It tells a nice-enough love story about a selfish, hard-wired chef (Catherine Zeta Jones) gradually falling for her deceased sister’s daughter (Abigail Breslin) and — we all know the drill — becoming a better, less neurotic, more emotionally giving person. Her growth arc happens with the help of an amorous good-guy chef (Aaron Eckhart) whom she otherwise sees as a threat due to his having been hired at the West Village restaurant where she works, hence making her feel irate and threatened, because he’s warmer and more nurturing with Breslin than she is.
I know this story chapter and verse, having seen the 2002 German film that No Reservations is based upon — Sandra Nettlebeck‘s Mostly Martha — two or three times. It became a favorite among upmarket moviegoers, hip foodies and the like. Here’s my original review.

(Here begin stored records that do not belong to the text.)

(* The code itself has minimum distance (l - 1) 2 dim K: each component
   contributes at least 2 dim K, and Fl, Fl a attain it. *)
Lemma shift_code_min_dist : min_dist (@dflag F L) C = (l.-1 * (2 * \dim K))%N.
Proof.
apply: min_distE.
  move=> G H hG hH hne; have [c _ hGc] := C_shifts hG.
  rewrite /dflag hGc size_shift_flag -hGc.
  rewrite -[in leqLHS](card_ord l.-1) -sum_nat_const; apply: leq_sum => t _.
  have [hG1 hG2] := component_friend hG (ltn_ord t).
  have [hH1 hH2] := component_friend hH (ltn_ord t).
  rewrite dS_friend_lb ?hG2 ?hH2 //; apply: contra hne => /eqP heq.
  by rewrite (component_inj hG hH (ltn_ord t) heq).
exists Fl, (flag_shift a Fl); split; rewrite ?flag_shift_neq //.
rewrite /dflag size_flag -[in RHS](card_ord l.-1) -sum_nat_const.
by apply: eq_bigr => t _; rewrite dS_flag_shift.
Qed.

Lemma shift_code_consistent : consistent_code C (size Fl).
Proof.
split; first exact: shift_code_disjoint.
rewrite shift_code_min_dist size_flag -[in LHS](card_ord l.-1) -sum_nat_const.
by apply: eq_bigr => t _; rewrite proj_code_min_dist.
Qed.

(* K is the best friend: all components are K-spaces, and a friend of the
   first component F_1 = K is contained in K. *)
Lemma shift_code_best_friend : best_friend_code K C.
Proof.
split; first exact: (valP K).
  apply/allP => G /C_shifts[c _ ->]; apply/allP => U.
  by rewrite shift_flagE => /mapP[j _ ->]; apply/friend_shift/powsum_friend.
move=> E /allP /(_ _ Fl_in_C) /allP hE.
have h0 : (0 < l.-1)%N by case: (l) l_ge2 => [//|[]].
have := hE _ (mem_nth 0%VS (_ : 0 < size Fl)%N); rewrite size_flag => /(_ h0).
rewrite nth_flag // powsum1 /friend_sp => h.
by apply: subv_trans h; rewrite -{1}(prodv1 E) prodvSr ?sub1v.
Qed.

End ShiftCodes.

Lemma prim_root_exp_div (R : nzRingType) (z : R) N D :
  N.-primitive_root z -> (0 < N)%N -> (D %| N)%N -> D.-primitive_root (z ^+ (N %/ D)).
Proof.
move=> hz hN hD; have hD0 : (0 < D)%N := dvdn_gt0 hN hD.
have hND : (0 < N %/ D)%N by rewrite divn_gt0 // dvdn_leq.
have := exp_prim_root hz (N %/ D).
have -> : gcdn (N %/ D) N = (N %/ D)%N.
  by apply/gcdn_idPl; rewrite -{2}(divnK hD) dvdn_mulr.
by rewrite -{1}(divnK hD) mulKn.
Qed.

Section FiniteFields.
Variables (F : finFieldType) (L : fieldExtType F).
Local Notation q := #|F|.
Local Notation n := (\dim {:L}).

Lemma pred_qpow_gt0 d : (0 < d)%N -> (0 < (q ^ d).-1)%N.
Proof.
move=> hd; have hq := finNzRing_gt1 F.
have : (q ^ 1 <= q ^ d)%N by rewrite leq_exp2l.
by rewrite expn1 -subn1; move: (q ^ d)%N hq => x; move: q => Q; lia.
Qed.

Lemma expf_card_pow (c : F) d : c ^+ (q ^ d) = c.
Proof.
elim: d => [|d IH]; first by rewrite expr1.
by rewrite expnSr exprM IH expf_card.
Qed.

(* Fqm d is the set of roots of X^(q^d) - X, x |-> x^(q^d) being F-linear. *)
Lemma memFqm d (x : L) : (x \in Fqm L d) = (x ^+ (q ^ d) == x).
Proof.
pose f (y : L) := y ^+ (q ^ d).
have fA : zmod_morphism f.
  rewrite /f => y z.
  have [p _ pcharFp] := finPcharP F; rewrite (card_pprimeChar pcharFp) -expnM.
  elim: (_ * d)%N => // e IHe; rewrite expnSr !exprM {}IHe.
  by rewrite -(pchar_lalg L) in pcharFp; rewrite -pFrobenius_autE rmorphB.
have fZ : scalable f.
  move=> c y; rewrite /f -[in LHS]mulr_algl exprMn -in_algE -rmorphXn /=.
  by rewrite expf_card_pow mulr_algl.
pose fL : {linear L -> L} :=
  HB.pack f (GRing.isZmodMorphism.Build _ _ f fA) (GRing.isScalable.Build _ _ _ _ f fZ).
by rewrite /Fqm; apply/fixedSpaceP/eqP; rewrite (lfunE fL).
Qed.
(* Consider POWERSET MALIQUANT. The sequence starts at a heap of size one, and the first eight nim-values are, $0,0,1,0,2,1,4,8$. Otherwise, if $n=2k+1, k\ge 4$, then $\mathcal{SG}(n)=2^k$, and if $n\ge 10$ is even, then $\mathcal{SG}(n)=\mathcal{SG}(n/2)$.
   Context: POWERSET MALIQUANT is the impartial normal-play game on positive integer heaps where from a heap $n$ a player chooses any nonempty set of nondivisors $k$ of $n$ with $1\le k<n$ and moves to the disjunctive sum of those heaps; a heap with no such nondivisors is terminal. $\mathcal{SG}$ (nim-value) denotes the Sprague-Grundy value (mex rule, nim-sum). *)

From Stdlib Require Import PeanoNat.
From mathcomp Require Import all_boot.
Set Implicit Arguments. Unset Strict Implicit. Unset Printing Implicit Defensive.

Definition nondivs (n : nat) : seq nat := [seq k <- iota 1 n.-1 | ~~ (k %| n)].

(* All subsequences (= subsets, since the input has no duplicates). *)
Fixpoint subseqs (s : seq nat) : seq (seq nat) :=
  match s with
  | [::] => [:: [::]]
  | x :: t => let r := subseqs t in r ++ map (cons x) r
  end.

Definition mex (s : seq nat) : nat := find (fun m => m \notin s) (iota 0 (size s).+1).

Definition nimsum (s : seq nat) : nat := foldr Nat.lxor 0 s.
(* Let $p$ be a prime, $m\geq 1$ an integer, $E=\bigcup_{i=0}^{m-1}p^i\mathbb{Z}_p^\times$ identified with $\mathbb{Q}_p^\ast/p^{m\mathbb{Z}}$, and let $D$ be the operator on functions on $E$ given by $$D\phi(x)=-c_p\int_E H(z,x)\big(\phi(z)-\phi(x)\big)\,d^\ast z,\qquad c_p=\frac{p(1-p^{-1})^2}{1-p^{-2}},$$ $$H(z,x)=\frac{|x|\,|z|}{|x-z|^2}+\frac{1}{p^m-1}\Big(\frac{|x|}{|z|}+\frac{|z|}{|x|}\Big).$$ Every continuous multiplicative character $\pi$ of $\mathbb{Q}_p^\ast/p^{m\mathbb{Z}}$ is an eigenfunction of $D$. Writing $\pi(p^k u)=\zeta(k)\hat\pi(u)$ for $k\in\mathbb{Z}/m\mathbb{Z}$, $u\in\mathbb{Z}_p^\times$, with $\zeta$ a character of $\mathbb{Z}/m\mathbb{Z}$ and $\hat\pi$ a continuous character of $\mathbb{Z}_p^\times$, the eigenvalue is: (i) if $\hat\pi$ is nontrivial with conductor $n\geq 1$: $\lambda=(p-1)p^{n-1}$ (independent of $\zeta$ and of $m$); (ii) if $\hat\pi$ is trivial and $\zeta(1)=\omega$ (an $m$-th root of unity): $\lambda=\dfrac{p(p-1)(2-\omega-\overline{\omega})}{p^2-p(\omega+\overline{\omega})+1}$.
   Context: $|x|=p^{-v(x)}$ with $v$ the $p$-adic valuation; $dx$ is the additive Haar measure with $\mathbb{Z}_p$ of measure $1$ and $d^\ast x=dx/|x|$. Products of elements of $E$ are taken modulo $p^{m\mathbb{Z}}$ with representative in $E$. The conductor of a nontrivial character $\hat\pi$ of $\mathbb{Z}_p^\times$ is the smallest integer $n\geq 1$ such that $\hat\pi$ is trivial on $1+p^n\mathbb{Z}_p$. *)

From HB Require Import structures.
From mathcomp Require Import all_boot all_order all_algebra.
From mathcomp Require Import all_classical all_reals all_analysis.
From mathcomp Require Import complex.
Set Implicit Arguments. Unset Strict Implicit. Unset Printing Implicit Defensive.
Import Order.TTheory GRing.Theory Num.Theory.
Import numFieldNormedType.Exports.
Local Open Scope classical_set_scope.
Local Open Scope ring_scope.

(* p-adic integers Z_p as compatible systems of residues:                    *)
(*   zres x k = (x mod p^k), represented in [0, p^k).                        *)
Record zp (p : nat) := Zp {
  zres : nat -> nat ;
  zres_mod : forall k, (zres k %% p ^ k = zres k)%N ;
  zres_compat : forall k, (zres k.+1 %% p ^ k = zres k)%N }.

Lemma dvdn_exp_succ (p k : nat) : (p ^ k %| p ^ k.+1)%N.
Proof. by rewrite expnS dvdn_mull. Qed.

Definition zp_of_nat (p r : nat) : zp p.
Proof.
refine (@Zp p (fun k => r %% p ^ k)%N _ _) => k.
- by rewrite modn_mod.
- by rewrite modn_dvdm // dvdn_exp_succ.
Defined.

Definition zmul (p : nat) (x y : zp p) : zp p.
Proof.
refine (@Zp p (fun k => (zres x k * zres y k) %% p ^ k)%N _ _) => k.
- by rewrite modn_mod.
- rewrite modn_dvdm ?dvdn_exp_succ //.
  by rewrite -modnMm -(zres_compat x k) -(zres_compat y k) modnMm.
Defined.

Definition zcong (p k : nat) (x y : zp p) : bool := (zres x k == zres y k).

Definition zunit (p : nat) (x : zp p) : bool := (zres x 1 != 0)%N.

(* p-adic valuation of x - y (for x <> y): the largest k with x = y mod p^k *)
Definition zval_diff (p : nat) (x y : zp p) : nat :=
  match pselect (exists k, ~~ zcong k x y) with
  | left H => (ex_minn (P := fun k => ~~ zcong k x y)
                 (let: ex_intro k Hk := H in ex_intro _ k Hk)).-1
  | right _ => 0%N
  end.

Section Padic.
Variable R : realType.
Local Notation C := R[i].

Definition zdist (p : nat) (x y : zp p) : C :=
  if pselect (exists k, ~~ zcong k x y) then (p%:R ^- zval_diff x y) else 0.

(* An element x = p^i u of E is represented by the pair (i, u) with i < m    *)
(* and u a unit of Z_p.                                                      *)
Definition Ept (p : nat) := (nat * zp p)%type.

Definition in_E (p m : nat) (x : Ept p) : bool := (x.1 < m)%N && zunit x.2.

Definition Emul (p m : nat) (x y : Ept p) : Ept p :=
  ((x.1 + y.1) %% m, zmul x.2 y.2)%N.

Definition Eemb (p : nat) (x : Ept p) : zp p := zmul (zp_of_nat p (p ^ x.1)) x.2.

Definition Eabs (p : nat) (x : Ept p) : C := p%:R ^- x.1.

Definition Edist (p : nat) (x z : Ept p) : C := zdist (Eemb x) (Eemb z).

(* The multiplicative Haar integral over E (d*z = dz/|z|, Z_p of dz-measure 1):
   limit of Riemann sums over the classes p^i (r + p^N Z_p), i < m,
   0 <= r < p^N, p not dividing r, each of d*z-measure p^{-N}, evaluated at
   the representative p^i r. *)
Definition riemann_sum (p m : nat) (f : Ept p -> C) (N : nat) : C :=
  \sum_(i < m) \sum_(r < p ^ N | (r %% p != 0)%N)
     f (nat_of_ord i, zp_of_nat p r) * p%:R ^- N.

Definition Clim (u : nat -> C) : C :=
  (limn (fun n => complex.Re (u n)) +i* limn (fun n => complex.Im (u n)))%C.

Definition Eintegral (p m : nat) (f : Ept p -> C) : C :=
  Clim (riemann_sum m f).

Definition cp (p : nat) : C :=
  p%:R * (1 - p%:R^-1) ^+ 2 / (1 - p%:R ^- 2).

Definition Hker (p m : nat) (z x : Ept p) : C :=
  Eabs x * Eabs z / (Edist x z) ^+ 2
  + (p%:R ^+ m - 1)^-1 * (Eabs x / Eabs z + Eabs z / Eabs x).

Definition Dop (p m : nat) (phi : Ept p -> C) (x : Ept p) : C :=
  - cp p * Eintegral m (fun z => Hker m z x * (phi z - phi x)).

Definition Echaracter (p m : nat) (pi : Ept p -> C) : Prop :=
  [/\ (forall x, in_E m x -> pi x != 0),
      (forall x y, in_E m x -> in_E m y -> pi (Emul m x y) = pi x * pi y) &
      (forall x, in_E m x -> forall eps : R, 0 < eps ->
         exists k, forall y, in_E m y -> y.1 = x.1 -> zcong k y.2 x.2 ->
           `|pi y - pi x| < (eps%:C)%C)].

Definition pihat (p : nat) (pi : Ept p -> C) (u : zp p) : C := pi (0%N, u).

Definition trivial_on (p : nat) (chi : zp p -> C) (k : nat) : Prop :=
  forall u, zunit u -> zcong k u (zp_of_nat p 1) -> chi u = 1.

Definition char_trivial (p : nat) (chi : zp p -> C) : Prop :=
  forall u, zunit u -> chi u = 1.

Definition conductor (p : nat) (chi : zp p -> C) (n : nat) : Prop :=
  [/\ (1 <= n)%N, trivial_on chi n & forall k, (1 <= k < n)%N -> ~ trivial_on chi k].

End Padic.

(* Write pi (p^i u) = w^i chi(u) and x = p^a u, and split the integral defining
   D pi (x) along the shells p^i Z_p^*.  Off the shell of x, H(z, x) depends only
   on i - a mod m, so these shells contribute a discrete Fourier transform of that
   kernel at w, weighted by the mean of chi over Z_p^* (zero when chi is
   nontrivial).  On the shell of x, |u - v|^-2 - 1 is the layer cake
   sum_k (p^2k - p^(2k-2)) [u = v mod p^k], and by orthogonality chi - chi(u)
   averages to -chi(u) over u + p^k Z_p exactly when k is below the conductor.
   Hence the Riemann sums are constant as soon as the mesh is finer than the
   conductor, and both eigenvalues reduce to geometric sums. *)

From HB Require Import structures.
From mathcomp Require Import all_boot all_order all_algebra.
From mathcomp Require Import all_classical all_reals all_analysis.
From mathcomp Require Import complex.
From mathcomp Require Import ring lra.
From mathcomp Require Import cyclic.
Set Implicit Arguments. Unset Strict Implicit. Unset Printing Implicit Defensive.
Import Order.TTheory GRing.Theory Num.Theory.
Import numFieldNormedType.Exports.
Local Open Scope ring_scope.

Lemma coprime_modinv s d : (0 < d)%N -> coprime s d -> exists t, (s * t = 1 %[mod d])%N.
Proof.
move=> d_gt0 cop; exists (s ^ (totient d).-1)%N.
by rewrite -expnS prednK ?totient_gt0 // Euler_exp_totient.
Qed.

Section PadicIntegers.
Variable p : nat.

Lemma zp_ext (x y : zp p) : (forall k, zres x k = zres y k) -> x = y.
Proof.
case: x => fx modx compx; case: y => fy mody compy /= exy.
have efxy : fx = fy by apply: funext.
subst fy; by rewrite (Prop_irrelevance modx mody) (Prop_irrelevance compx compy).
Qed.

Lemma zres_mod_le (x : zp p) k l : (l <= k)%N -> (zres x k %% p ^ l = zres x l)%N.
Proof.
elim: k => [|k IHk]; first by rewrite leqn0 => /eqP ->; rewrite zres_mod.
rewrite leq_eqVlt ltnS => /orP[/eqP -> | lk]; first by rewrite zres_mod.
by rewrite -IHk // -(zres_compat x k) modn_dvdm // dvdn_exp2l.
Qed.

Lemma zcong0 (x y : zp p) : zcong 0 x y.
Proof. by rewrite /zcong -(zres_mod x 0) -(zres_mod y 0) expn0 !modn1. Qed.

Lemma zcong_le k l (x y : zp p) : (l <= k)%N -> zcong k x y -> zcong l x y.
Proof. by move=> lk /eqP exy; rewrite /zcong -!(zres_mod_le _ lk) exy. Qed.

Lemma zcong_sym k (x y : zp p) : zcong k x y = zcong k y x.
Proof. exact: eq_sym. Qed.

Lemma zmul_nat r s : zmul (zp_of_nat p r) (zp_of_nat p s) = zp_of_nat p (r * s).
Proof. by apply: zp_ext => k /=; rewrite modnMm. Qed.

Lemma zmul1 (x : zp p) : zmul (zp_of_nat p 1) x = x.
Proof. by apply: zp_ext => k /=; rewrite modnMml mul1n zres_mod. Qed.

Lemma zcong_mul k (x y x' y' : zp p) :
  zcong k x x' -> zcong k y y' -> zcong k (zmul x y) (zmul x' y').
Proof. by rewrite /zcong /= => /eqP -> /eqP ->. Qed.

Lemma zcong_modn k N r : (k <= N)%N ->
  zcong k (zp_of_nat p (r %% p ^ N)) (zp_of_nat p r).
Proof. by move=> kN; rewrite /zcong /= modn_dvdm // dvdn_exp2l. Qed.

Lemma zcong_zres k N (x : zp p) : (k <= N)%N -> zcong k (zp_of_nat p (zres x N)) x.
Proof. by move=> kN; rewrite /zcong /= zres_mod_le. Qed.

Lemma zunit_nat r : zunit (zp_of_nat p r) = (r %% p != 0)%N.
Proof. by rewrite /zunit /= expn1. Qed.

Lemma zunit1 : (1 < p)%N -> zunit (zp_of_nat p 1).
Proof. by move=> p_gt1; rewrite zunit_nat modn_small. Qed.

Lemma zunitE (x : zp p) k : (0 < k)%N -> zunit x = ~~ (p %| zres x k)%N.
Proof. by move=> k_gt0; rewrite /zunit /dvdn -[X in (_ %% X)%N]expn1 zres_mod_le. Qed.

Lemma zunit_mul (x y : zp p) : prime p -> zunit x -> zunit y -> zunit (zmul x y).
Proof.
move=> p_prime ux uy; rewrite /zunit /= expn1 -/(dvdn p _).
by rewrite Euclid_dvdM // negb_or -!(zunitE _ (ltn0Sn 0)) ux uy.
Qed.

The problem is that No Reservations is a touchy-feely-foodie movie that won’t let you feel anything. Director Scott Hicks has delivered a pro-level job — well paced, smoothly composed, agreeably acted (except for two performances) — but nothing happens. And absorbing this strange nothingness is a very weird deal. You’re watching a “heart” movie that says all the right things about parenting, love and great food, and it’s all rote and bloodless — a movie going through the paces.
I might as well just say it — Catherine Zeta Jones sinks this movie. She plays a brittle, bitchy, control-freak chef with pronounced anger issues, and there’s just no warming up to her. I didn’t like her from the get-go, although I felt much differently about the same character when she was played by Martina Gedeck in the ’02 version. I don’t want to go out on a limb but this may have something to do with Zeta Jones not having the chops or emotional range to handle a part like this. She’s a costar, not a star. And she always plays selfish avaricious types who have no regrets about their natures. Here she’s trying to sell regret, and it’s a no-go.
The reason I couldn’t get into her performance last night is that I believe that I know who Catherine Zeta Jones is, and her acting did nothing to change this opinion. I think she’s basically an operator who plays selfish bitches in movies (the drug dealer’s wife in Traffic, the gold-digger in Intolerable Cruelty, the floozy in Chicago) and who’s made some profitable deals off-screen — that T-Mobile thing, selling kid photos to the tabs, marrying Michael Douglas. A lawyer friend I know calls her a “capitalist pig.” That’s a little harsh. She’s just one of those women who want what they want and get it.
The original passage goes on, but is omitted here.